アクティブでアウトドア系の筋肉と男体の事なら何でもお任せあれ……な『運動系』。
ネガティブでインドア系の趣味とセンスの世界で変人さんいらっしゃ~~い……な『文化系』。
説明にちょっとどころか大分偏見が入ったかもしれないが、とにかくこの二種類が世間一般で言われるクラブ部活動であろう。……まあ、俺のこの偏った思考はこの学校に『運動系』がマジホモい方の愛の巣で、『文化系』がオタッキーの巣窟だからだろう。
……が、うちの一見普通な学校では前述の二種以外の系統の部活が存在する。
それは『両刀系』である。い、いやいや……今俺が勝手に頭の中で創作したわけじゃあないからね!?
『両刀系』ってのは別にバイ系でどっちも喰えますパクッーなイロモノ的な感じではなく、『運動系』と『文化系』を兼任してますよーということである。まあ、『両刀系』といってもうちの学校ではその部活……いや、同好会は一つしかないから系統と呼んでいいか分からんけどさ。
「ノンノン、けんけんは『MOD同好会』があーずかるからねー」
ちびっ子赤髪ツインテールがちっちっちと唇で品を作りながら、みんなの前でそう宣言する。このちょっとおぼこい女は東条紅音、『MOD同好会』ー通称、『モズクとお酢を一緒に召しあがる同好会』の第二十七代会長であり、俺の一つ年上の先輩様である。トチ狂った名前の同好会であるが、これでも学校の生徒会で認可された立派な同好会であるから仕方あるまい。恨むんなら名前をつけた初代会長と妻子と養育費とプライドと毛根を失ったこの学校の長を恨んでくれ。
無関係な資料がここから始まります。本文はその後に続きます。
(* Let $\mathcal K$ be a 2-category and $\mathscr D\subseteq\mathcal K$ a dense inclusion. Let $f:A\to C$, $g:A\to B$, $h:B\to C$ be 1-cells and $\phi:f\Rightarrow hg$ a 2-cell. If for every object $D\in\mathscr D$ and every 1-cell $a:D\to A$ the 2-cell $\phi a$ exhibits $ga$ as a left lifting of $fa$ along $h$, then $\phi$ exhibits $g$ as an absolute left lifting of $f$ along $h$.
   Context: A full sub-2-category $\mathscr D\subseteq\mathcal K$ is dense if the 2-functor $\mathcal K\to[\mathscr D^{op},\mathrm{CAT}]$, $X\mapsto\mathcal K(-,X)|_{\mathscr D}$, is fully faithful (an isomorphism on hom-categories). Given $f:A\to C$, $g:A\to B$, $h:B\to C$, a 2-cell $\phi:f\Rightarrow hg$ exhibits $g$ as a left lifting of $f$ along $h$ if for every $k:A\to B$ the assignment $\kappa\mapsto(h\kappa)\cdot\phi$ is a bijection from 2-cells $g\Rightarrow k$ to 2-cells $f\Rightarrow hk$; this left lifting is absolute if for every $j:X\to A$, $\phi j$ exhibits $gj$ as a left lifting of $fj$ along $h$. *)

Definition castc {T : Type} {P : T -> T -> Type} {f f' g g' : T}
  (e1 : f = f') (e2 : g = g') (x : P f g) : P f' g' :=
  match e2 in _ = b return P f' b with
  | eq_refl => match e1 in _ = a return P a g with eq_refl => x end
  end.

(** A (strict) 2-category.  [comp1 g f] is "g after f";
    [vcomp b a] is vertical composite "b . a";
    [hcomp b a] is horizontal composite of [a : f => f'] then [b : g => g'],
    a 2-cell [g f => g' f']. *)
Record TwoCat := {
  ob : Type;
  hom : ob -> ob -> Type;
  cell : forall A B : ob, hom A B -> hom A B -> Type;
  id1 : forall A : ob, hom A A;
  comp1 : forall A B C : ob, hom B C -> hom A B -> hom A C;
  id2 : forall (A B : ob) (f : hom A B), cell A B f f;
  vcomp : forall (A B : ob) (f g k : hom A B),
      cell A B g k -> cell A B f g -> cell A B f k;
  hcomp : forall (A B C : ob) (f f' : hom A B) (g g' : hom B C),
      cell B C g g' -> cell A B f f' ->
      cell A C (comp1 A B C g f) (comp1 A B C g' f');
  comp1_assoc : forall (A B C E : ob) (f : hom A B) (g : hom B C) (k : hom C E),
      comp1 A C E k (comp1 A B C g f) = comp1 A B E (comp1 B C E k g) f;
  comp1_idl : forall (A B : ob) (f : hom A B), comp1 A B B (id1 B) f = f;
  comp1_idr : forall (A B : ob) (f : hom A B), comp1 A A B f (id1 A) = f;
  vcomp_assoc : forall (A B : ob) (f g k l : hom A B)
      (a : cell A B f g) (b : cell A B g k) (c : cell A B k l),
      vcomp A B f k l c (vcomp A B f g k b a)
      = vcomp A B f g l (vcomp A B g k l c b) a;
  vcomp_idl : forall (A B : ob) (f g : hom A B) (a : cell A B f g),
      vcomp A B f g g (id2 A B g) a = a;
  vcomp_idr : forall (A B : ob) (f g : hom A B) (a : cell A B f g),
      vcomp A B f f g a (id2 A B f) = a;
  hcomp_id : forall (A B C : ob) (f : hom A B) (g : hom B C),
      hcomp A B C f f g g (id2 B C g) (id2 A B f) = id2 A C (comp1 A B C g f);
  hcomp_interchange : forall (A B C : ob) (f f' f'' : hom A B) (g g' g'' : hom B C)
      (a : cell A B f f') (a' : cell A B f' f'')
      (b : cell B C g g') (b' : cell B C g' g''),
      hcomp A B C f f'' g g'' (vcomp B C g g' g'' b' b) (vcomp A B f f' f'' a' a)
      = vcomp A C (comp1 A B C g f) (comp1 A B C g' f') (comp1 A B C g'' f'')
          (hcomp A B C f' f'' g' g'' b' a') (hcomp A B C f f' g g' b a);
  hcomp_assoc : forall (A B C E : ob) (f f' : hom A B) (g g' : hom B C)
      (k k' : hom C E) (a : cell A B f f') (b : cell B C g g') (c : cell C E k k'),
      castc (P := cell A E) (comp1_assoc A B C E f g k) (comp1_assoc A B C E f' g' k')
        (hcomp A C E (comp1 A B C g f) (comp1 A B C g' f') k k' c
           (hcomp A B C f f' g g' b a))
      = hcomp A B E f f' (comp1 B C E k g) (comp1 B C E k' g')
          (hcomp B C E g g' k k' c b) a;
  hcomp_idl : forall (A B : ob) (f f' : hom A B) (a : cell A B f f'),
      castc (P := cell A B) (comp1_idl A B f) (comp1_idl A B f')
        (hcomp A B B f f' (id1 B) (id1 B) (id2 B B (id1 B)) a) = a;
  hcomp_idr : forall (A B : ob) (f f' : hom A B) (a : cell A B f f'),
      castc (P := cell A B) (comp1_idr A B f) (comp1_idr A B f')
        (hcomp A A B (id1 A) (id1 A) f f' a (id2 A A (id1 A))) = a
}.

Arguments hom {K} : rename.
Arguments cell {K A B} : rename.
Arguments id1 {K} A : rename.
Arguments comp1 {K A B C} : rename.
Arguments id2 {K A B} f : rename.
Arguments vcomp {K A B f g k} : rename.
Arguments hcomp {K A B C f f' g g'} : rename.
Arguments comp1_assoc {K A B C E} f g k : rename.

Definition lwhisk {K : TwoCat} {A B C : ob K} (h : hom B C) {g g' : hom A B}
  (k : cell g g') : cell (comp1 h g) (comp1 h g') := hcomp (id2 h) k.
Definition rwhisk {K : TwoCat} {X A B : ob K} {f f' : hom A B}
  (a : cell f f') (j : hom X A) : cell (comp1 f j) (comp1 f' j) := hcomp a (id2 j).

(** A full sub-2-category [D] of [K] is given by a predicate on objects.
    The 2-functor  K -> [D^op, CAT],  X |-> K(-,X)|_D  sends
    - a 1-cell [u : X -> Y] to the 2-natural transformation with components
      [x |-> u x] (on 1-cells) and [a |-> u a] (on 2-cells);
    - a 2-cell [t : u => v] to the modification with components [t x]. *)

Section Dense.
Variables (K : TwoCat) (inD : ob K -> Prop).

(** Data of a transformation K(-,X)|_D => K(-,Y)|_D: a family of functors
    K(D,X) -> K(D,Y), together with strict naturality on 1-cells of D
    (needed to even state the remaining axioms). *)
Record PreNat (X Y : ob K) := {
  pn_obj : forall D : ob K, inD D -> hom D X -> hom D Y;
  pn_cell : forall (D : ob K) (HD : inD D) (x x' : hom D X),
      cell x x' -> cell (pn_obj D HD x) (pn_obj D HD x');
  pn_nat1 : forall (D D' : ob K) (HD : inD D) (HD' : inD D') (d : hom D' D)
      (x : hom D X), pn_obj D' HD' (comp1 x d) = comp1 (pn_obj D HD x) d
}.

Arguments pn_obj {X Y}.
Arguments pn_cell {X Y} p D HD {x x'}.
Arguments pn_nat1 {X Y}.

Record TwoNat (X Y : ob K) := {
  tn_pre : PreNat X Y;
  tn_id : forall D (HD : inD D) (x : hom D X),
      pn_cell tn_pre D HD (id2 x) = id2 (pn_obj tn_pre D HD x);
  tn_comp : forall D (HD : inD D) (x x' x'' : hom D X)
      (a : cell x x') (b : cell x' x''),
      pn_cell tn_pre D HD (vcomp b a)
      = vcomp (pn_cell tn_pre D HD b) (pn_cell tn_pre D HD a);
  tn_nat_cell : forall D D' (HD : inD D) (HD' : inD D') (d : hom D' D)
      (x x' : hom D X) (a : cell x x'),
      pn_cell tn_pre D' HD' (rwhisk a d)
      = castc (P := @cell K D' Y)
          (eq_sym (pn_nat1 tn_pre D D' HD HD' d x))
          (eq_sym (pn_nat1 tn_pre D D' HD HD' d x'))
          (rwhisk (pn_cell tn_pre D HD a) d);
  tn_nat2 : forall D D' (HD : inD D) (HD' : inD D') (d d' : hom D' D)
      (dl : cell d d') (x : hom D X),
      pn_cell tn_pre D' HD' (lwhisk x dl)
      = castc (P := @cell K D' Y)
          (eq_sym (pn_nat1 tn_pre D D' HD HD' d x))
          (eq_sym (pn_nat1 tn_pre D D' HD HD' d' x))
          (lwhisk (pn_obj tn_pre D HD x) dl)
}.

Arguments tn_pre {X Y}.

Record Modif {X Y : ob K} (t s : PreNat X Y) := {
  md_comp : forall D (HD : inD D) (x : hom D X),
      cell (pn_obj t D HD x) (pn_obj s D HD x);
  md_natural : forall D (HD : inD D) (x x' : hom D X) (a : cell x x'),
      vcomp (pn_cell s D HD a) (md_comp D HD x)
      = vcomp (md_comp D HD x') (pn_cell t D HD a);
  md_modif : forall D D' (HD : inD D) (HD' : inD D') (d : hom D' D) (x : hom D X),
      md_comp D' HD' (comp1 x d)
      = castc (P := @cell K D' Y)
          (eq_sym (pn_nat1 t D D' HD HD' d x))
          (eq_sym (pn_nat1 s D D' HD HD' d x))
          (rwhisk (md_comp D HD x) d)
}.

Arguments md_comp {X Y t s}.

Definition repr_pre {X Y : ob K} (u : hom X Y) : PreNat X Y := {|
  pn_obj := fun D _ x => comp1 u x;
  pn_cell := fun D _ x x' a => lwhisk u a;
  pn_nat1 := fun D D' _ _ d x => comp1_assoc d x u
|}.

(** Density: the 2-functor is an isomorphism on hom-categories, i.e.
    bijective on 1-cells (every 2-natural transformation is the image of a
    unique 1-cell) and on 2-cells (every modification between images of
    1-cells is the image of a unique 2-cell). *)
Definition dense : Prop :=
  (forall (X Y : ob K) (t : TwoNat X Y),
      exists! u : hom X Y, tn_pre t = repr_pre u)
  /\
  (forall (X Y : ob K) (u v : hom X Y) (m : Modif (repr_pre u) (repr_pre v)),
      exists! th : cell u v,
        md_comp m = (fun D (_ : inD D) (x : hom D X) => rwhisk th x)).

End Dense.

Definition left_lifting {K : TwoCat} {A B C : ob K}
  (f : hom A C) (g : hom A B) (h : hom B C) (phi : cell f (comp1 h g)) : Prop :=
  forall k : hom A B,
    forall psi : cell f (comp1 h k),
      exists! kappa : cell g k, vcomp (lwhisk h kappa) phi = psi.

Definition whisk_lift {K : TwoCat} {X A B C : ob K}
  {f : hom A C} {g : hom A B} {h : hom B C} (phi : cell f (comp1 h g))
  (j : hom X A) : cell (comp1 f j) (comp1 h (comp1 g j)) :=
  castc (P := @cell K X C) eq_refl (eq_sym (comp1_assoc j g h)) (rwhisk phi j).

Definition absolute_left_lifting {K : TwoCat} {A B C : ob K}
  (f : hom A C) (g : hom A B) (h : hom B C) (phi : cell f (comp1 h g)) : Prop :=
  forall (X : ob K) (j : hom X A),
    left_lifting (comp1 f j) (comp1 g j) h (whisk_lift phi j).

(* If the whiskerings of [phi] by all 1-cells [x : D -> X] with [D] in the dense
   sub-2-category are left liftings, so is [phi].  Given [psi : f => h k], the
   local lifts [kappa_x : g x => k x] of [psi x] are unique, hence natural in [x]
   and compatible with precomposition: they form a modification
   K(-,g)|_D => K(-,k)|_D.  By density it is [kappa x] for a unique [kappa : g => k],
   and [h kappa . phi = psi], as well as the uniqueness of [kappa], can be tested
   after whiskering by every such [x].  Absoluteness follows because
   [(phi j) x] is [phi (j x)]. *)

From Stdlib Require Import Eqdep FunctionalExtensionality ClassicalEpsilon.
「あ、紅音ちゃん……! け、ケンくんと私は一緒に帰るんだから邪魔しないで……じゃ邪魔しないでくれくれませクレメンス!」
紅音さんに対して、一番最初に反応したのは姉貴だった。
珍しいな、姉貴が辛いもんを口にしてのたうち回る柴犬みたく動揺するなんて。ま、それもそうか。紅音さんは姉貴と同級生で、かつ同じクラスなのだから色々と俺達には分からないちん●的な弱みを握られているのだろう。人心掌握術に関しては紅音さんは得意中の得意だからな。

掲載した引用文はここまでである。